Environmental politics

Things to make you despair

I’ve had cause to drop into Waitrose Bloomsbury a couple of times in the past week (I don’t often go into shops), and found simply shocking the usage of plastic bags. Both times I happened to end up at a till at the far end, with about 10 in use between me and the door. Both times, only one other person was making alternative arrangements to the disposable carrier bags. In fact it was even worse than that – the average use of them must have been over 95%, when I put together all of the people walking around the Brunswick Centre.

Quite what made London councils decide to quietly drop the much lauded plan to the ban the bag I don’t know, but it certainly can’t have been because voluntary measures are working.

No, this isn’t the biggest issue in the world – but as a symbol of humans being prepared to make very minor adjustments to their lives to save the environment, it’s pretty telling.

Not to mention the question of what business is doing. I asked for a comment form at the “help” desk, but I must have looked scary for the man there muttered that he was going to find some, then ran away and didn’t come back.

So Mr Waitrose, with your environmental claims: WHAT THE HELL DO YOU THINK YOU’RE DOING?!!!!! Why are the bags still casually laid out in free profusion at the end of each till?

Environmental politics Feminism

Weekend reading

* I couldn’t be there myself, but after reading Sarah’s post on the Reclaim the night march it felt as though I was. Although there are issues around it, as Don’t Stray makes clear. I’m glad that the Green Party placards chose to focus on domestic violence – it does worry me that the concept that the streets aren’t safe for women actually propagates unreasonable fear (and I think young men are under at least as much risk on the streets as women) rather than an understanding of where the risk really is – in the home.

* An interesting take on contraction and convergence – or how we all need to live – apparently most promulgated by the Swiss – what we all need is the 2,000-Watt lifestyle. I doubt I make it, but I try. (Astonished to read that people send £1,000 a year on energy. Okay I have a reasonably small flat, and I try, but my electricity comes to about £10 a month and gas about £15 in winter.)

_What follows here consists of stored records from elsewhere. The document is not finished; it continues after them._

(** Pulling back the deflation [f v] along [f] yields a
    deflation [A (+) L -> B] whose kernel [k'] exhibits [B] as the pushout of the
    inflation [k : K -> A] along [- out2 k' : K -> L]. *)
Lemma conflation_of_kernel_deflation_comp L (i : hom L B) :
  is_additive C -> is_kernel i f -> deflation E (f ⊚ v) -> E i f.
Proof.
move=> Hadd ki [K [k Ek]]; have [b] := additive_biproduct A L Hadd.
set out1 := bp_out1 b; set out2 := bp_out2 b; set vi := v ⊚ out1 + i ⊚ out2.
have [k' [out1k' Ek'vi]] := pullback_conflation HE Ek (biproduct_kernel_pullback b ki).
have cvi := conflation_cokernel HE Ek'vi.
have vi_in1 : vi ⊚ bp_in1 b = v.
  by rewrite /vi compDl -!compA bp_out1_in1 bp_out2_in1 comp0r compm1 addr0.
have vi_in2 : vi ⊚ bp_in2 b = i.
  by rewrite /vi compDl -!compA bp_out1_in2 bp_out2_in2 comp0r compm1 add0r.
have po : is_pushout k (- (out2 ⊚ k')) i v.
  split.
    apply/eqP; rewrite compNr -addr_eq0 -out1k' !compA -compDl.
    by rewrite (conflation_comp0 HE Ek'vi).
  move=> W x y xk; have /(cokernel_factor cvi) [u uvi] : (x ⊚ out1 + y ⊚ out2) ⊚ k' = 0.
    by rewrite compDl -!compA out1k' xk compNr addNr.
  exists u; split.
    by rewrite -vi_in1 -vi_in2 !compA uvi !compDl -!compA bp_out1_in1 bp_out2_in1
      bp_out1_in2 bp_out2_in2 !comp0r !compm1 addr0 add0r.
  move=> u' u'v u'i; apply: (cokernel_epi cvi); rewrite uvi /vi compDr !compA.
  by rewrite u'v u'i.
have [g' [g'v Eig']] := pushout_conflation HE Ek po.
suff -> : f = g' by [].
apply: (pushout_uniq po); first by rewrite g'v.
by rewrite (proj1 ki) (conflation_comp0 HE Eig').
Qed.
(* Let $Q$ be a commutative Noetherian local ring, $x\in Q$ a $Q$-regular element and $R=Q/(x)$. Let $X$ be an $R$-complex with $H_i(X)=0$ for $|i|\gg0$. Then there exist a $Q$-projective resolution $W$ of $X$ (viewing $X$ as a $Q$-complex) and an $R$-projective resolution $F$ of $X$ together with an exact sequence of $R$-complexes $$0\to R\otimes_Q W\to F\to \Sigma^2 F\to 0$$ which is degreewise split.
   Context: For an integer $n$, $\Sigma^n X$ denotes the shifted complex with $(\Sigma^nX)_\ell=X_{\ell-n}$ and differential $(-1)^n\partial^X_{\ell-n}$. A projective resolution of a complex $X$ is a complex of projective modules (bounded below) together with a quasi-isomorphism to $X$. A sequence of complexes is degreewise split if it is split exact in each degree as a sequence of modules. *)

From HB Require Import structures.
From mathcomp Require Import all_boot all_order all_algebra.
Set Implicit Arguments. Unset Strict Implicit. Unset Printing Implicit Defensive.
Import Order.TTheory GRing.Theory Num.Theory.
Local Open Scope ring_scope.

Definition ideal (Q : comNzRingType) (I : Q -> Prop) : Prop :=
  [/\ I 0, (forall a b, I a -> I b -> I (a + b)) & (forall r a, I a -> I (r * a))].

Definition finitely_generated (Q : comNzRingType) (I : Q -> Prop) : Prop :=
  exists s : seq Q, forall a, I a <->
    exists c : 'I_(size s) -> Q, a = \sum_(k < size s) c k * s`_k.

Definition noetherian (Q : comNzRingType) : Prop :=
  forall I : Q -> Prop, ideal I -> finitely_generated I.

Definition maximal_ideal (Q : comNzRingType) (m : Q -> Prop) : Prop :=
  [/\ ideal m, ~ m 1 &
      forall J : Q -> Prop, ideal J -> (forall a, m a -> J a) ->
        J 1 \/ (forall a, J a -> m a)].

Definition local_ring (Q : comNzRingType) : Prop :=
  exists m : Q -> Prop, maximal_ideal m /\
    forall m', maximal_ideal m' -> forall a, m' a <-> m a.

(* x is Q-regular: a non-zero-divisor on Q with Q/xQ <> 0. *)
Definition regular_element (Q : comNzRingType) (x : Q) : Prop :=
  (forall q : Q, x * q = 0 -> q = 0) /\ ~ (exists q : Q, x * q = 1).

Definition is_quotient_by (Q R : comNzRingType) (x : Q) (pi : {rmorphism Q -> R}) : Prop :=
  (forall r : R, exists q : Q, pi q = r) /\
  (forall q : Q, pi q = 0 <-> exists a : Q, q = x * a).

Definition lin (A : comNzRingType) (U V : lmodType A) (f : U -> V) : Prop :=
  forall a u v, f (a *: u + v) = a *: f u + f v.

(* pi-semilinear maps: Q-linear maps from a Q-module to an R-module
   viewed as a Q-module by restriction of scalars along pi. *)
Definition slin (Q R : comNzRingType) (pi : {rmorphism Q -> R})
  (U : lmodType Q) (V : lmodType R) (f : U -> V) : Prop :=
  forall a u v, f (a *: u + v) = pi a *: f u + f v.

Definition projective (A : comNzRingType) (P : lmodType A) : Prop :=
  forall (M N : lmodType A) (g : M -> N) (f : P -> N),
    lin g -> lin f -> (forall n, exists m, g m = n) ->
    exists h : P -> M, lin h /\ forall p, g (h p) = f p.

(* T together with eta : M -> T is the base change R (x)_Q M, characterised
   by its universal property (extension of scalars along pi). *)
Definition base_change (Q R : comNzRingType) (pi : {rmorphism Q -> R})
  (M : lmodType Q) (T : lmodType R) (eta : M -> T) : Prop :=
  slin pi eta /\
  forall (N : lmodType R) (f : M -> N), slin pi f ->
    exists g : T -> N, [/\ lin g, (forall m, g (eta m) = f m) &
      forall g' : T -> N, lin g' -> (forall m, g' (eta m) = f m) ->
        forall t, g' t = g t].

(* A complex indexed by int (homological grading); the differential is given
   as a family cdif i j : C_i -> C_j which is zero unless j = i - 1
   (so cdif i (i-1) is the differential d_i). *)
Unset Implicit Arguments.
Record complex (A : comNzRingType) := Complex {
  cobj :> int -> lmodType A;
  cdif : forall i j : int, cobj i -> cobj j;
  cdif_lin : forall i j, lin (cdif i j);
  cdif_deg : forall i j x, j != i - 1 -> cdif i j x = 0;
  cdif_sq : forall i j k x, cdif j k (cdif i j x) = 0 }.
Set Implicit Arguments.
Arguments cdif {A} c i j.
Arguments Complex {A}.
Arguments cdif_lin {A} c i j.
Arguments cdif_deg {A} c i j x.
Arguments cdif_sq {A} c i j k x.
Arguments cobj {A} c i.

Lemma shift_lin (A : comNzRingType) (C : complex A) (n : int) (i j : int) :
  lin (fun x : C (i - n) => (-1) ^+ `|n|%N *: cdif C (i - n) (j - n) x).
Proof.
move=> a u v /=; rewrite (cdif_lin C (i - n) (j - n) a u v) scalerDr !scalerA.
by rewrite mulrC.
Qed.
(* Let $M'(t,y)$ be as in the context, and let $(Z^1_n)_{n\ge1}$ be càglàd predictable processes of bounded quadratic variation on $[0,T]$ converging a.s. to a càglàd predictable process $Z^1$ of bounded quadratic variation on $[0,T]$, with $\sup_{n\ge1}[Z^1_n,Z^1_n]_T<\infty$. Then $B^{Z^1_n}_T\to B^{Z^1}_T$ a.s., where for a càglàd process $Z$, $$B^{Z}_T=\sum_{0\le s<T}\tfrac12\big[M'(s,Z_{s+}-Z_s)-M'(s,0)\big](Z_{s+}-Z_s)^2 .$$
   Context: Fix $T>0$ and a filtered probability space $(\Omega,\mathcal F,(\mathcal F_t)_{t\in[0,T]},\mathbb P)$ satisfying the usual conditions. $A(t,y)$, $B(t,y)$ are ask and bid prices for an order of size $y$: adapted, non-negative, $C^2$ in $y$, with $A(\cdot,0),B(\cdot,0)$ non-negative locally bounded semimartingales and with first and second $y$-derivatives càdlàg and locally bounded in $t$. $M(t,y)=\tfrac12(A(t,y)+B(t,y))$ and $M'=\partial M/\partial y$. Quadratic variation $[Z,Z]_t$ is the pathwise limit of $\sum_{i\ge1}|Z_{\tau^n_i}-Z_{\tau^n_{i-1}}|^2$ along every sequence of stopping-time partitions of $[0,t]$ tending to the identity; bounded quadratic variation means this limit exists and is finite a.s. *)

From mathcomp Require Import all_boot all_order all_algebra.
From mathcomp Require Import all_classical all_reals all_analysis.

Set Implicit Arguments.
Unset Strict Implicit.
Unset Printing Implicit Defensive.
Import Order.TTheory GRing.Theory Num.Theory.
Import numFieldNormedType.Exports.
Local Open Scope classical_set_scope.
Local Open Scope ring_scope.

Section defs.
Context {R : realType} {d : measure_display} {Omega : measurableType d}.

(* A process on [0,T] is a map (t, w) |-> X t w; filtrations are R-indexed
   families of set systems on Omega, only their restriction to [0,T] matters. *)

Definition filtration (F : R -> set (set Omega)) (T : R) :=
  (forall t, 0 <= t <= T -> sigma_algebra setT (F t) /\ F t `<=` measurable) /\
  (forall s t, 0 <= s -> s <= t -> t <= T -> F s `<=` F t).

* Just been pointed to WorldMapper, a site that takes the map and morphs it according to hundreds of characteristics, from poverty, to maternal mortality, to greenhouse gas emissions, on which the US looks very fat indeed.

Environmental politics

Green observations

Apologies for the silence – have been doing a very busy “one-day, one-city” work run through Paris, Nuremberg, Hamburg, Paris and Autun … don’t worry, all by the wonderful European train network. It is just amazing that you can confidently plan to arrive in a city two hours before you are due to deliver a talk and be sure that there won’t be a problem.

Also very impressed by the arrangements for rubbish on German trains – separate recycling bins for paper, glass and packaging, and there’s clearly an expectation that everyone will use them.

Also impressed to see many cyclists of all ages and attires in the German cities, although less keen on the fact that cycle provision is almost entirely taken from pedestrian space – the cars are left to speed free. (Which when you are a visitor makes walking feel a little hazardous, although the locals obviously rub along well enough.)

Was taken by Frankfurt train station, definitely the least “chain-stored” one I’ve seen in Europe – beyond the Body Shop, Burger King and what was probably a chain newspaper store, everything else looked like little local shops. (And the Thai there – run by real Thais, is definitely to be recommended – and adding to the cultural mix I used Thai to order, since I wasn’t doing too well guessing at the German). Although I’m puzzled as to why there’s a stall there selling surgical instruments – I can’t actually think why I’d want to buy a stethoscope at a train station.

Talking of transport, for those who think there’s something “green” about Australia, a shocking statistic: there are suburbs in Melbourne where only one out of 100 people use public transport to get to work.